BEGIN Source information

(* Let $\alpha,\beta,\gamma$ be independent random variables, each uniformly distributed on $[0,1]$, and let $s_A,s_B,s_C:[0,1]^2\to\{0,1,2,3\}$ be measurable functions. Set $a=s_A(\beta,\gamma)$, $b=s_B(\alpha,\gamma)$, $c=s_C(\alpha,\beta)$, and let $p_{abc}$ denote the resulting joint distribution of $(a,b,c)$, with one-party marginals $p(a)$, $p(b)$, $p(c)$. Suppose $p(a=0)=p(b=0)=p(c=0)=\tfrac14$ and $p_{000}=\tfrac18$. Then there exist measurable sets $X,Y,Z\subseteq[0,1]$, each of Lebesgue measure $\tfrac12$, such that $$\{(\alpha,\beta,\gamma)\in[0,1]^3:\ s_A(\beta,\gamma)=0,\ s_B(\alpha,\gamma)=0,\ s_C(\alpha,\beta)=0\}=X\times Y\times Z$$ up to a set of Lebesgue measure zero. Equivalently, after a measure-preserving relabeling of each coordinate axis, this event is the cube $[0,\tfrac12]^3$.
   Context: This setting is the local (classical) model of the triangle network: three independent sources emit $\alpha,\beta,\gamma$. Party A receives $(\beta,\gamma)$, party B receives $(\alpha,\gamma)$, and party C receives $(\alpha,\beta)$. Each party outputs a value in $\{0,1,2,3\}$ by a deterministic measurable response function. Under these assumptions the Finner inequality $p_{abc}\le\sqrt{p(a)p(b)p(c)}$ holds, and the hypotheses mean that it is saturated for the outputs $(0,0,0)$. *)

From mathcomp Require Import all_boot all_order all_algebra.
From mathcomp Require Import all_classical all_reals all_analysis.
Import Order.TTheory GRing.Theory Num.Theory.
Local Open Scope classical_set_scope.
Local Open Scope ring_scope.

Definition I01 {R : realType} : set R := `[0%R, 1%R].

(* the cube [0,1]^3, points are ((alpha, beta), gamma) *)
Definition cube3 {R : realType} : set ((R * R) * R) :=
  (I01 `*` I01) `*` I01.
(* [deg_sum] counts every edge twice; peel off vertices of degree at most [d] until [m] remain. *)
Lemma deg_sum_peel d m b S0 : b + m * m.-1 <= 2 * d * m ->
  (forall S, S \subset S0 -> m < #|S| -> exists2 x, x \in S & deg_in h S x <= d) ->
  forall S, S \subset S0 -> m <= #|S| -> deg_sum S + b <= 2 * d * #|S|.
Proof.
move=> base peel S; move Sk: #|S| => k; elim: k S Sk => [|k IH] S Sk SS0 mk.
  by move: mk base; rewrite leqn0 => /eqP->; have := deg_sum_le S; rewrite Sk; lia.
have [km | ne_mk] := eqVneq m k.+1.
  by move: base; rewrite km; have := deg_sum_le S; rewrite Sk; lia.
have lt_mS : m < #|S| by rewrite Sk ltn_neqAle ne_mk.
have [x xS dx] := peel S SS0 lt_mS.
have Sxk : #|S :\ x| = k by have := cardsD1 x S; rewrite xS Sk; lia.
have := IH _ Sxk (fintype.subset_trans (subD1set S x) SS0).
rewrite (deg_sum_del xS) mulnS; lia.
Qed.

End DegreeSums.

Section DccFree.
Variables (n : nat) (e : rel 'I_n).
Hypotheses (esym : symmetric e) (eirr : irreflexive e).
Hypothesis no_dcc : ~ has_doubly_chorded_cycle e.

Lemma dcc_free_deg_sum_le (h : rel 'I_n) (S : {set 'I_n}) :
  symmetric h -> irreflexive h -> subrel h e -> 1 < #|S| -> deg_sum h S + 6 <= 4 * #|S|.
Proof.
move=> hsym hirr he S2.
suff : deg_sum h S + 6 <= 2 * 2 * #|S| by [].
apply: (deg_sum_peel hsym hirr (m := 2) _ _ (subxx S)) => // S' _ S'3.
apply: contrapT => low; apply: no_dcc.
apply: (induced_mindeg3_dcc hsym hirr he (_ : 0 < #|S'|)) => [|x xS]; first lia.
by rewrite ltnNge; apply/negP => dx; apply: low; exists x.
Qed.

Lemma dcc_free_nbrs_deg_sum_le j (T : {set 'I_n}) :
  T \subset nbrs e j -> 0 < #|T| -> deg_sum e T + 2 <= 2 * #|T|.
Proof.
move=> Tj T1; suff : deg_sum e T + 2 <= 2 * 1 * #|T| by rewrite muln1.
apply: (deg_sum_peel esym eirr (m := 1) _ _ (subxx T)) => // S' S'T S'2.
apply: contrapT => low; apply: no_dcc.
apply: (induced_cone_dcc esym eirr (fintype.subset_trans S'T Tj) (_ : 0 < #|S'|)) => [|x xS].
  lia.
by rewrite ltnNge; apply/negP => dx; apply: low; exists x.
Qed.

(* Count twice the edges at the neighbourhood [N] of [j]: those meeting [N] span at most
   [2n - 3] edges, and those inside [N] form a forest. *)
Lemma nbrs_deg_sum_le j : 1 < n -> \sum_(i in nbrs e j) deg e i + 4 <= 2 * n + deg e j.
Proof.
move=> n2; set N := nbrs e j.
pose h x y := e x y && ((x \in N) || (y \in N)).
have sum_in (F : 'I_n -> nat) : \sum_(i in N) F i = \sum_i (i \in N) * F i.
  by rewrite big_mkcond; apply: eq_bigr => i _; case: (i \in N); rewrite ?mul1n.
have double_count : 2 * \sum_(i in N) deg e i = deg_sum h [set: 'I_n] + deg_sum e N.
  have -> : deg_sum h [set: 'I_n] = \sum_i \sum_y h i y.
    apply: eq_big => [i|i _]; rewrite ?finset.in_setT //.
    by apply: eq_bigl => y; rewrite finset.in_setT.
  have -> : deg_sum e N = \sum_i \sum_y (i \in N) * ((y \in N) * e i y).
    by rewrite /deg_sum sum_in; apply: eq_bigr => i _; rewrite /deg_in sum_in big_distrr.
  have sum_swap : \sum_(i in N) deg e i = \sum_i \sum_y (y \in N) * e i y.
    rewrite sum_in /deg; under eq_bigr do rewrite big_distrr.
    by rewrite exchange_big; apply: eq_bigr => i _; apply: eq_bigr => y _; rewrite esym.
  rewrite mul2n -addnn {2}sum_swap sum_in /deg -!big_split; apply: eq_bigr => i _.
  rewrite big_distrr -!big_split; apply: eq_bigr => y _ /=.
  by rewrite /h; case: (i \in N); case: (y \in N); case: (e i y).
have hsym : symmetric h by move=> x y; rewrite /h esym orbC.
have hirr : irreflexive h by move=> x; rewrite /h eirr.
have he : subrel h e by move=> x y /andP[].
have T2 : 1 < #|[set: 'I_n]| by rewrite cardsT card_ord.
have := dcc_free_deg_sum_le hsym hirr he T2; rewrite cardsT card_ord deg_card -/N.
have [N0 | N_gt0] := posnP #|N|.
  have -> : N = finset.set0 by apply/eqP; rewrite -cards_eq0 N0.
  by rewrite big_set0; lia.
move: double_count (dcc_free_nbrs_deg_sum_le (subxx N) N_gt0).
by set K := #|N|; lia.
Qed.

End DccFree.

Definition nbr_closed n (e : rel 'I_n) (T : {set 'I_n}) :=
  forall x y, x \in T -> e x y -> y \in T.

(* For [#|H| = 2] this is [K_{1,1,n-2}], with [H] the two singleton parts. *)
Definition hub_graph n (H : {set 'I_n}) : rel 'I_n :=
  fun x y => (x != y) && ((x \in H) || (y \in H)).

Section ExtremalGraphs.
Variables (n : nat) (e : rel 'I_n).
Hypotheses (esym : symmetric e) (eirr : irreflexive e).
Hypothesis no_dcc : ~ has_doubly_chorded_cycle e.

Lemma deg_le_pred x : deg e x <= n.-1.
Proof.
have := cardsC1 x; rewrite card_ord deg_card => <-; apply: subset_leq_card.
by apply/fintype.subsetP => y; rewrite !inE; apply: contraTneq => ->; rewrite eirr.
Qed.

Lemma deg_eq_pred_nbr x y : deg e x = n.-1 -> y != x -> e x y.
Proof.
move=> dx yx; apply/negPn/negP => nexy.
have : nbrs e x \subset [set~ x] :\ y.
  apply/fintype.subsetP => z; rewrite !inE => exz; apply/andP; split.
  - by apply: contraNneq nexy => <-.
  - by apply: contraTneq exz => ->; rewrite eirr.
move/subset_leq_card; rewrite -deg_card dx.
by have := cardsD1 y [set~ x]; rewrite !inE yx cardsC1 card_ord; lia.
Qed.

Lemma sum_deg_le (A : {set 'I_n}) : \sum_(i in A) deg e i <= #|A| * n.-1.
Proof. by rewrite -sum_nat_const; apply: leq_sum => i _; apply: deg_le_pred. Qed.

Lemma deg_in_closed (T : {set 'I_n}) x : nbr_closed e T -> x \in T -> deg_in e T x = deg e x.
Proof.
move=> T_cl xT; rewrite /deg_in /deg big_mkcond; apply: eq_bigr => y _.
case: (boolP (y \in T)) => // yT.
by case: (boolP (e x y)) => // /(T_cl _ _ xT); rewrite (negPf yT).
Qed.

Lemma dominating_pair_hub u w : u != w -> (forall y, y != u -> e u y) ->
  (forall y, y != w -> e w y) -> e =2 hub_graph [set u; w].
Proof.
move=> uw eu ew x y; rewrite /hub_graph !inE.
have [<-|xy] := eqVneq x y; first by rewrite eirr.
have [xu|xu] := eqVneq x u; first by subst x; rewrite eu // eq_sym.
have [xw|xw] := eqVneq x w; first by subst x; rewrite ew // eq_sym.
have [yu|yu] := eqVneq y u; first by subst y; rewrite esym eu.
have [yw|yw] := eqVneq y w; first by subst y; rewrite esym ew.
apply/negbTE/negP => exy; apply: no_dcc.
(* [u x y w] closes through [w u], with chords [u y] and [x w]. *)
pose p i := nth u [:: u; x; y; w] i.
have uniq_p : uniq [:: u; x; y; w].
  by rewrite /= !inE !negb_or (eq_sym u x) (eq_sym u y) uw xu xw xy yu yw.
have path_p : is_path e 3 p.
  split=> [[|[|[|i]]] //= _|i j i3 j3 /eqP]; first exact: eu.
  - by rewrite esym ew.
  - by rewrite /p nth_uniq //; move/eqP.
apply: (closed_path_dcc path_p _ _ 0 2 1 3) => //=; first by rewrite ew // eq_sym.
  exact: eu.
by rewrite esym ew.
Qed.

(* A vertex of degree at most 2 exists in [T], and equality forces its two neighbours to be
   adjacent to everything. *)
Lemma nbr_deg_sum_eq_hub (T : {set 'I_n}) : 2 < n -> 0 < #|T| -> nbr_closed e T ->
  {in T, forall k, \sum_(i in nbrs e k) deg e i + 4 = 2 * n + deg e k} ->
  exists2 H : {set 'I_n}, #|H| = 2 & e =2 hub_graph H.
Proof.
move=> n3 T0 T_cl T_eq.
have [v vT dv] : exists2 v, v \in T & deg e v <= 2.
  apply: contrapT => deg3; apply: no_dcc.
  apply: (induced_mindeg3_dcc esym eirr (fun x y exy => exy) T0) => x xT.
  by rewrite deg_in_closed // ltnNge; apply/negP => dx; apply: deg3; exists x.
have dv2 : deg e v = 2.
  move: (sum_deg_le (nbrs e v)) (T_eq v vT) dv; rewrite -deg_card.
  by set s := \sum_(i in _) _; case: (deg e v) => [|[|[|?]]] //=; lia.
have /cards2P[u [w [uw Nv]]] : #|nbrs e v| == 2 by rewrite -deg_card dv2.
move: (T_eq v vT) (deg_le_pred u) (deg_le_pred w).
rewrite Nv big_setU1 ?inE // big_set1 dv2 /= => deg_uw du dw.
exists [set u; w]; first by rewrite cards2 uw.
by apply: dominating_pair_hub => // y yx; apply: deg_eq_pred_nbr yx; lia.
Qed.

END Source information

## Task objective:
Write out every line of the data that holds the word "twice".

## Answer area:
(* [deg_sum] counts every edge twice; peel off vertices of degree at most [d] until [m] remain. *)
(* Count twice the edges at the neighbourhood [N] of [j]: those meeting [N] span at most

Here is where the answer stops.